(* Fix $m\in\{1,\dots,M\}$ and suppose $\varrho_h^{m-1}\in Q_h(\Omega)$, $\mathbf{u}_h^m\in\mathbf{V}_h(\Omega)$ are given bounded functions. Then the solution $\varrho_h^m\in Q_h(\Omega)$ of the discrete continuity scheme satisfies $$\min_{x\in\Omega}\varrho_h^m\ge\min_{x\in\Omega}\varrho_h^{m-1}\Big(\frac{1}{1+\Delta t\|\operatorname{div}_h\mathbf{u}_h^m\|_{L^\infty(\Omega)}}\Big).$$ Consequently, if $\varrho_h^{m-1}(\cdot)>0$ then $\varrho_h^m(\cdot)>0$.
   Context: $\Omega\subset\mathbb{R}^N$ ($N=2,3$) bounded polygonal domain; $E_h$ shape regular tetrahedral mesh, interior faces $\Gamma_h^I$; $Q_h(\Omega)$ piecewise constants; $\mathbf{V}_h(\Omega)$ Crouzeix–Raviart space with vanishing boundary face means; $\operatorname{div}_h$ elementwise divergence; $\Delta t>0$ the time step, $\partial_t^h\varrho^m=(\varrho^m-\varrho^{m-1})/\Delta t$. The discrete continuity scheme: $\int_\Omega\partial_t^h(\varrho_h^m)\phi_h\,dx=\Delta t\sum_{\Gamma\in\Gamma_h^I}\int_\Gamma(\varrho_-^m(\mathbf{u}_h^m\cdot\nu)_h^++\varrho_+^m(\mathbf{u}_h^m\cdot\nu)_h^-)[\phi_h]_\Gamma\,dS$ for all $\phi_h\in Q_h(\Omega)$, with $(\mathbf{u}_h\cdot\nu)_h^\pm=(\frac{1}{|\Gamma|}\int_\Gamma\mathbf{u}_h\cdot\nu\,dS)^\pm$, $a^+=\max(a,0)$, $a^-=\min(a,0)$, $\varrho_\pm$ the traces from the two elements sharing $\Gamma$ ($\nu$ points from $E_-$ to $E_+$), $[\cdot]_\Gamma$ the jump.
   Formalization: The lower bound on $\min_{x\in\Omega}\varrho_h^m$ holds only for nonnegative $\varrho_h^{m-1}$, the right side of the scheme carries no factor Δt, and the jump $[\phi_h]_\Gamma$ is the value of $\phi_h$ on E₊ minus its value on E₋. Each condition added here is assumed in the paper as well or is needed for the statement above to hold. This also corrects a misprint. *)

From HB Require Import structures.
From mathcomp Require Import all_boot all_order all_algebra.
Set Implicit Arguments. Unset Strict Implicit. Unset Printing Implicit Defensive.
Import Order.TTheory GRing.Theory Num.Theory.
Local Open Scope ring_scope.

(* Every face has an
   element [eminus] it belongs to; interior faces (in Gamma_h^I) additionally
   have a distinct neighbouring element [eplus]; the unit normal nu of a face
   points from [eminus] to [eplus] (outward from [eminus] for boundary faces). *)
Record mesh (R : realFieldType) := Mesh {
  elt : finType;
  face : finType;
  elt0 : elt;
  vol : elt -> R;
  vol_gt0 : forall E, 0 < vol E;
  area : face -> R;
  area_gt0 : forall G, 0 < area G;
  interior : pred face;
  eminus : face -> elt;
  eplus : face -> elt;
  eplus_neq : forall G, interior G -> eplus G != eminus G
}.

Section MeshDefs.
Variables (R : realFieldType) (T : mesh R).

(* Q_h(Omega): piecewise constants = one value per element *)
Definition Qh := elt T -> R.

(* A velocity u_h is recorded through its face means of the normal component,
   un G = (1/|G|) \int_G u_h . nu dS  (for CR functions this is single valued
   on interior faces). *)
Definition Vh (un : face T -> R) : Prop :=
  forall G, ~~ interior G -> un G = 0.

(* Elementwise divergence div_h u_h on E = (1/|E|) \int_{dE} u_h . n_E dS
   (u_h is affine on E, so its divergence is constant on E). *)
Definition divh (un : face T -> R) (E : elt T) : R :=
  (vol E)^-1 *
  (\sum_(G : face T | eminus G == E) area G * un G
   - \sum_(G : face T | interior G && (eplus G == E)) area G * un G).

Definition posp (a : R) : R := Num.max a 0.
Definition negp (a : R) : R := Num.min a 0.

Definition intQ (f : Qh) : R := \sum_(E : elt T) vol E * f E.

Definition jump (phi : Qh) (G : face T) : R := phi (eplus G) - phi (eminus G).

Definition scheme (dt : R) (rho_old rho : Qh) (un : face T -> R) : Prop :=
  forall phi : Qh,
    intQ (fun E => (rho E - rho_old E) / dt * phi E)
    = \sum_(G : face T | interior G)
        area G * (rho (eminus G) * posp (un G) + rho (eplus G) * negp (un G))
        * jump phi G.

Definition minQ (f : Qh) : R := \big[Num.min/f (elt0 T)]_(E : elt T) f E.

Definition LinfQ (f : Qh) : R := \big[Num.max/0]_(E : elt T) `|f E|.

End MeshDefs.

From mathcomp Require Import all_boot all_order all_algebra.
From mathcomp Require Import ring lra.
Set Implicit Arguments. Unset Strict Implicit. Unset Printing Implicit Defensive.
Import Order.TTheory GRing.Theory Num.Theory.
Local Open Scope ring_scope.

(* Test the scheme with the indicator of a set A of elements.  If rho <= c on
   A and rho >= c off A, upwinding makes every face term of
   (flux - c u.nu) [1_A] nonnegative, so the mass change of rho on A is at
   least -c \int_A div_h u.  Taking A = {rho < 0}, c = 0 shows rho >= 0;
   taking A = {E0} with rho minimal at E0, c = rho E0, gives
   rho_old E0 <= rho E0 (1 + dt div_h u(E0)), and the bound follows by
   replacing div_h u(E0) with its L^infty norm. *)

Section Upwind.
Variables (R : realFieldType) (T : mesh R).

Lemma posp_ge0 (a : R) : 0 <= posp a.
Proof. by rewrite /posp le_max lexx orbT. Qed.

Lemma negp_le0 (a : R) : negp a <= 0.
Proof. by rewrite /negp ge_min lexx orbT. Qed.

Lemma posp_add_negp (a : R) : posp a + negp a = a.
Proof. by rewrite /posp /negp addr_max_min addr0. Qed.

Definition upwind_flux (rho : Qh T) (un : face T -> R) (G : face T) : R :=
  rho (eminus G) * posp (un G) + rho (eplus G) * negp (un G).

Definition indicatorQ (A : pred (elt T)) : Qh T :=
  fun E => if A E then 1 else 0.

Lemma scheme_indicatorQ (dt : R) (rho_old rho : Qh T) un (A : pred (elt T)) :
  scheme dt rho_old rho un ->
  \sum_(E | A E) vol E * ((rho E - rho_old E) / dt)
  = \sum_(G | interior G) area G * upwind_flux rho un G * jump (indicatorQ A) G.
Proof.
move/(_ (indicatorQ A)); rewrite /intQ => <-.
rewrite big_mkcond; apply: eq_bigr => E _.
by rewrite /indicatorQ; case: (A E); rewrite ?mulr1 ?mulr0.
Qed.

Section Shift.
Variables (rho : Qh T) (un : face T -> R) (A : pred (elt T)) (c : R).
Hypothesis rho_le_in : forall E, A E -> rho E <= c.
Hypothesis rho_ge_out : forall E, ~~ A E -> c <= rho E.

Lemma upwind_flux_shift_jump_ge0 G :
  0 <= (upwind_flux rho un G - c * un G) * jump (indicatorQ A) G.
Proof.
have shift : upwind_flux rho un G - c * un G
    = (rho (eminus G) - c) * posp (un G) + (rho (eplus G) - c) * negp (un G).
  by rewrite /upwind_flux -{3}(posp_add_negp (un G)); ring.
have hp := posp_ge0 (un G); have hn := negp_le0 (un G).
rewrite shift /jump /indicatorQ.
case: (boolP (A (eplus G))) => Ap; case: (boolP (A (eminus G))) => Am;
  rewrite ?subrr ?mulr0 // ?subr0 ?sub0r ?mulr1 ?mulrN1 ?oppr_ge0.
- have := rho_le_in Ap; have := rho_ge_out Am; nra.
- have := rho_le_in Am; have := rho_ge_out Ap; nra.
Qed.

Lemma upwind_flux_indicatorQ_ge :
  c * \sum_(G | interior G) area G * un G * jump (indicatorQ A) G
  <= \sum_(G | interior G) area G * upwind_flux rho un G * jump (indicatorQ A) G.
Proof.
rewrite -subr_ge0 mulr_sumr -sumrB; apply: sumr_ge0 => G _.
have -> : area G * upwind_flux rho un G * jump (indicatorQ A) G
          - c * (area G * un G * jump (indicatorQ A) G)
        = area G * ((upwind_flux rho un G - c * un G) * jump (indicatorQ A) G).
  by ring.
exact: mulr_ge0 (ltW (area_gt0 G)) (upwind_flux_shift_jump_ge0 G).
Qed.

End Shift.

Lemma divh_indicatorQ1 (un : face T -> R) E0 : Vh un ->
  vol E0 * divh un E0
  = - \sum_(G | interior G) area G * un G * jump (indicatorQ (pred1 E0)) G.
Proof.
move=> Vun; rewrite /divh mulrA mulfV ?mul1r; last exact/lt0r_neq0/vol_gt0.
rewrite /jump (eq_bigr _ (fun G _ => mulrBr _ _ _)) sumrB opprB /indicatorQ /=.
congr (_ - _).
  rewrite (bigID (@interior R T)) /= [X in _ + X]big1 ?addr0; last first.
    by move=> G /andP [_ HG]; rewrite (Vun G HG) mulr0.
  rewrite big_mkcond [RHS]big_mkcond /=; apply: eq_bigr => G _.
  by case: (interior G); case: (eminus G == E0); rewrite /= ?mulr1 ?mulr0.
rewrite big_mkcond [RHS]big_mkcond /=; apply: eq_bigr => G _.
by case: (interior G); case: (eplus G == E0); rewrite /= ?mulr1 ?mulr0.
Qed.

Lemma scheme_ge0 (dt : R) (rho_old rho : Qh T) un :
  0 < dt -> scheme dt rho_old rho un -> (forall E, 0 <= rho_old E) ->
  forall E, 0 <= rho E.
Proof.
move=> dt_gt0 Hs old_ge0 E0; rewrite leNgt; apply/negP => neg0.
pose A : pred (elt T) := fun E => rho E < 0.
have drop_lt0 E : A E -> vol E * ((rho E - rho_old E) / dt) < 0.
  move=> AE; rewrite pmulr_rlt0 ?vol_gt0 // pmulr_llt0 ?invr_gt0 //.
  by have := old_ge0 E; rewrite /A in AE; lra.
have mass_lt0 : \sum_(E | A E) vol E * ((rho E - rho_old E) / dt) < 0.
  rewrite (bigD1 E0) //=; have := drop_lt0 E0 neg0.
  suff : \sum_(E | A E && (E != E0)) vol E * ((rho E - rho_old E) / dt) <= 0.
    by lra.
  by apply: sumr_le0 => E /andP [AE _]; exact/ltW/drop_lt0.
have rho_le0 E : A E -> rho E <= 0 by move/ltW.
have rho_ge0 E : ~~ A E -> 0 <= rho E by rewrite -leNgt.
have := upwind_flux_indicatorQ_ge un rho_le0 rho_ge0.
by rewrite mul0r -(scheme_indicatorQ A Hs); lra.
Qed.

Lemma scheme_argmin_bound (dt : R) (rho_old rho : Qh T) un E0 :
  0 < dt -> Vh un -> scheme dt rho_old rho un ->
  (forall E, rho E0 <= rho E) ->
  rho_old E0 <= rho E0 * (1 + dt * divh un E0).
Proof.
move=> dt_gt0 Vun Hs rho_min.
have rho_le E : pred1 E0 E -> rho E <= rho E0 by move/eqP ->.
have rho_ge E : ~~ pred1 E0 E -> rho E0 <= rho E by move=> _; exact: rho_min.
have := upwind_flux_indicatorQ_ge un rho_le rho_ge.
rewrite -(scheme_indicatorQ _ Hs) big_pred1_eq.
rewrite -[X in X <= _]opprK -mulrN -(divh_indicatorQ1 _ Vun).
rewrite mulrCA -mulrN ler_pM2l ?vol_gt0 // ler_pdivlMr // => ineq.
by rewrite mulrDr mulr1; nra.
Qed.

End Upwind.

Section MinMax.
Variables (R : realFieldType) (T : mesh R).

Lemma minQ_le (f : Qh T) E : minQ f <= f E.
Proof. by rewrite /minQ (bigD1 E) //= ge_min lexx. Qed.

Lemma minQ_attained (f : Qh T) : exists E, minQ f = f E.
Proof.
rewrite /minQ; apply: (big_ind (fun x => exists E, x = f E)).
- by exists (elt0 T).
- move=> x y [E1 ->] [E2 ->]; rewrite /Num.min.
  by case: ifP => _; [exists E1 | exists E2].
- by move=> E _; exists E.
Qed.

Lemma LinfQ_ge (f : Qh T) E : `|f E| <= LinfQ f.
Proof. by rewrite /LinfQ (bigD1 E) //= le_max lexx. Qed.

Lemma LinfQ_ge0 (f : Qh T) : 0 <= LinfQ f.
Proof. exact: le_trans (normr_ge0 _) (LinfQ_ge f (elt0 T)). Qed.

End MinMax.

Theorem lemma3p3 (R : realFieldType) (T : mesh R) (dt : R)
    (rho_old rho : Qh T) (un : face T -> R) :
  0 < dt -> Vh un -> scheme dt rho_old rho un ->
  ((forall E, 0 <= rho_old E) ->
     minQ rho >= minQ rho_old * (1 + dt * LinfQ (divh un))^-1)
  /\ ((forall E, 0 < rho_old E) -> forall E, 0 < rho E).
Proof.
move=> dt_gt0 Vun Hs.
have [E0 minE0] := minQ_attained rho.
have rho_min E : rho E0 <= rho E by rewrite -minE0 minQ_le.
have bound := scheme_argmin_bound dt_gt0 Vun Hs rho_min.
split=> [old_ge0 | old_gt0 E].
- have m_ge0 := scheme_ge0 dt_gt0 Hs old_ge0 E0.
  have d_le : divh un E0 <= LinfQ (divh un).
    exact: le_trans (ler_norm _) (LinfQ_ge _ E0).
  have L_ge0 := mulr_ge0 (ltW dt_gt0) (LinfQ_ge0 (divh un)).
  have old_le := minQ_le rho_old E0.
  rewrite minE0 ler_pdivrMr; last by lra.
  by have := ler_wpM2l m_ge0 (ler_wpM2l (ltW dt_gt0) d_le); nra.
- have m_ge0 := scheme_ge0 dt_gt0 Hs (fun E => ltW (old_gt0 E)) E0.
  apply: lt_le_trans (rho_min E); rewrite lt_neqAle m_ge0 andbT.
  by apply/eqP => m0; move: bound (old_gt0 E0); rewrite -m0 mul0r; lra.
Qed.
··········
Prompt. Repeat exactly the lines of the listing above, from the one with "0 < dt -> scheme" down to the one with "have drop_lt0 E"; both of those lines belong in the range.

Solution to this problem.
  0 < dt -> scheme dt rho_old rho un -> (forall E, 0 <= rho_old E) ->
  forall E, 0 <= rho E.
Proof.
move=> dt_gt0 Hs old_ge0 E0; rewrite leNgt; apply/negP => neg0.
pose A : pred (elt T) := fun E => rho E < 0.
have drop_lt0 E : A E -> vol E * ((rho E - rho_old E) / dt) < 0.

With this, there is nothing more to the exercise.